No one around here test their hay. Some farmers do have hay tested. I tested hay one year haven't bothered testing it again. Horse's thrive on what we buy so good enough. Going to be getting late cut hay probably rained on also. 

Do big rounds not many farmers around here want to mess with square bales. 

If it ends up costing more then buying....you know not to bother with it next year.


----------



## Acadianartist (Apr 21, 2015)

ACinATX said:


> I'd turn around and spread their manure in those pastures in the spring, so I shouldn't have to pay for too much soil amending, right?


I don't think that will be enough to improve the soil. First, manure takes longer than that to compost properly. We let ours sit 3 years before spreading it. Secondly, you need to add more than horse manure. Usually you need to add lime to adjust the Ph at least. I'm not saying you shouldn't do it, just that you should expect very limited results from just spreading green manure. 

Hubby put green manure in our garden one year and we had terrible crops. Low and behold, two years later, we have the nicest veggies ever! It just takes a while to properly decompose. So ideally, you make a pile each year, and by year 3, you have a new pile to pick from every year.


----------



## dogpatch (Dec 26, 2017)

greentree said:


> Would you have to pay for rained on hay?
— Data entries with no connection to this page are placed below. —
Lemma AM_le_lambda s : 2 <= s -> forall a b, 0 < a -> 0 < b -> AM a b <= lambda s a b.
Proof.
intros Hs. apply symmetric_reduction.
- intros a b. rewrite AM_sym, lambda_sym; auto.
- intros a Ha. destruct (means_diagonal s a Ha) as [-> [-> _]]. lra.
- intros a b Hab. rewrite <- lambda_2 by exact Hab.
  destruct (Req_dec s 2) as [->|Hne]; [lra|].
  left; apply lambda_strict_increasing; lra.
Qed.

Lemma lambda_le_Gini s : s <= 5 -> forall a b, 0 < a -> 0 < b -> lambda s a b <= Gini a b.
Proof.
intros Hs. apply symmetric_reduction.
- intros a b. rewrite Gini_sym, lambda_sym; auto.
- intros a Ha. destruct (means_diagonal s a Ha) as [-> [_ ->]]. lra.
- intros a b Hab. apply Rle_trans with (lambda 5 a b); [|apply lambda_5_le_Gini, Hab].
  destruct (Req_dec s 5) as [->|Hne]; [lra|].
  left; apply lambda_strict_increasing; lra.
Qed.

Theorem theorem3 :
  (forall s : R, 2 <= s <= 5 ->
     forall a b : R, 0 < a -> 0 < b ->
       AM a b <= lambda s a b /\ lambda s a b <= Gini a b) /\
  (forall s : R,
     (forall a b : R, 0 < a -> 0 < b -> AM a b <= lambda s a b) <-> 2 <= s) /\
  (forall s : R,
     (forall a b : R, 0 < a -> 0 < b -> lambda s a b <= Gini a b) <-> s <= 5).
Proof.
split; [|split].
- intros s Hs a b Ha Hb.
  split; [apply AM_le_lambda|apply lambda_le_Gini]; auto; lra.
- intros s. split; [|apply AM_le_lambda].
  (* for s < 2, lambda_s(1, 2) < lambda_2(1, 2) = A(1, 2) *)
  intros Hlow. destruct (Rle_or_lt 2 s) as [|Hlt]; [assumption|exfalso].
  specialize (Hlow 1 2 ltac:(lra) ltac:(lra)).
  rewrite <- lambda_2 in Hlow by lra.
  pose proof (lambda_strict_increasing 1 2 s 2 ltac:(lra) Hlt). lra.
- intros s. split; [|apply lambda_le_Gini].
  intros Hup. destruct (Rle_or_lt s 5) as [|Hgt]; [assumption|exfalso].
  destruct (lambda_exceeds_Gini s Hgt) as [a [b [Ha [Hb Hab]]]].
  specialize (Hup a b Ha Hb). lra.
Qed.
Did you know that this is one way growers are producing low carb hay? True story. They either cut it before a shower or overhead water it after cutting.


----------



## AndyTheCornbread (Feb 3, 2019)

I do a hay lease because none of my land is fit to grow and harvest hay on(_much of it is timbered and or too steep_). What that means is I contract a guy who manages other people's fields for 20 ton of hay per year. The price for the hay is dependent on quality so I pay between $110 and $130 a ton depending on which field I am contracting. I get to determine the type of hay, how it is sprayed, fertilized, baled etc. and the guy I contract does all the work. The field owner gets a share of that money and the field manager keeps all the rest. Even with that setup I am not paying $4 a bale. I do 60lb bales so I pay $3.30 - $3.90 per bale, if I did 50lb bales it would be $2.75 - $3.25 per bale. The guy offering to bale for you is WAY high and sounds like he might be kind of a scam artist at the rates he is quoting.


Nearly all hay in the northern US is selenium deficient. That is why they make selenium salt blocks.


----------



## loosie (Jun 19, 2008)

Having had(& still, despite winter) about the worst drought in NSW, so animals have literally been dying for the Victorian hay that all gets trucked up there... And it's been very dry down here too, been having to feed full time since mid spring last year! 

I was used to paying $50/round bale, which would last my horses a few weeks when there was 'nothing' to eat on the ground(I now see that was relative, as they have REALLY had nothing on the ground till recently & it lasts only 3 horses(couldn't afford to feed the rest) UP TO 2 weeks max now). That's in a feed ring & with a slow feed net on it. Otherwise be gone(& lots trashed) in days. Last lot of hay I got last week was on the cheaper side at $150 a bale!! It's going for over $200 in some parts, $20/small squares.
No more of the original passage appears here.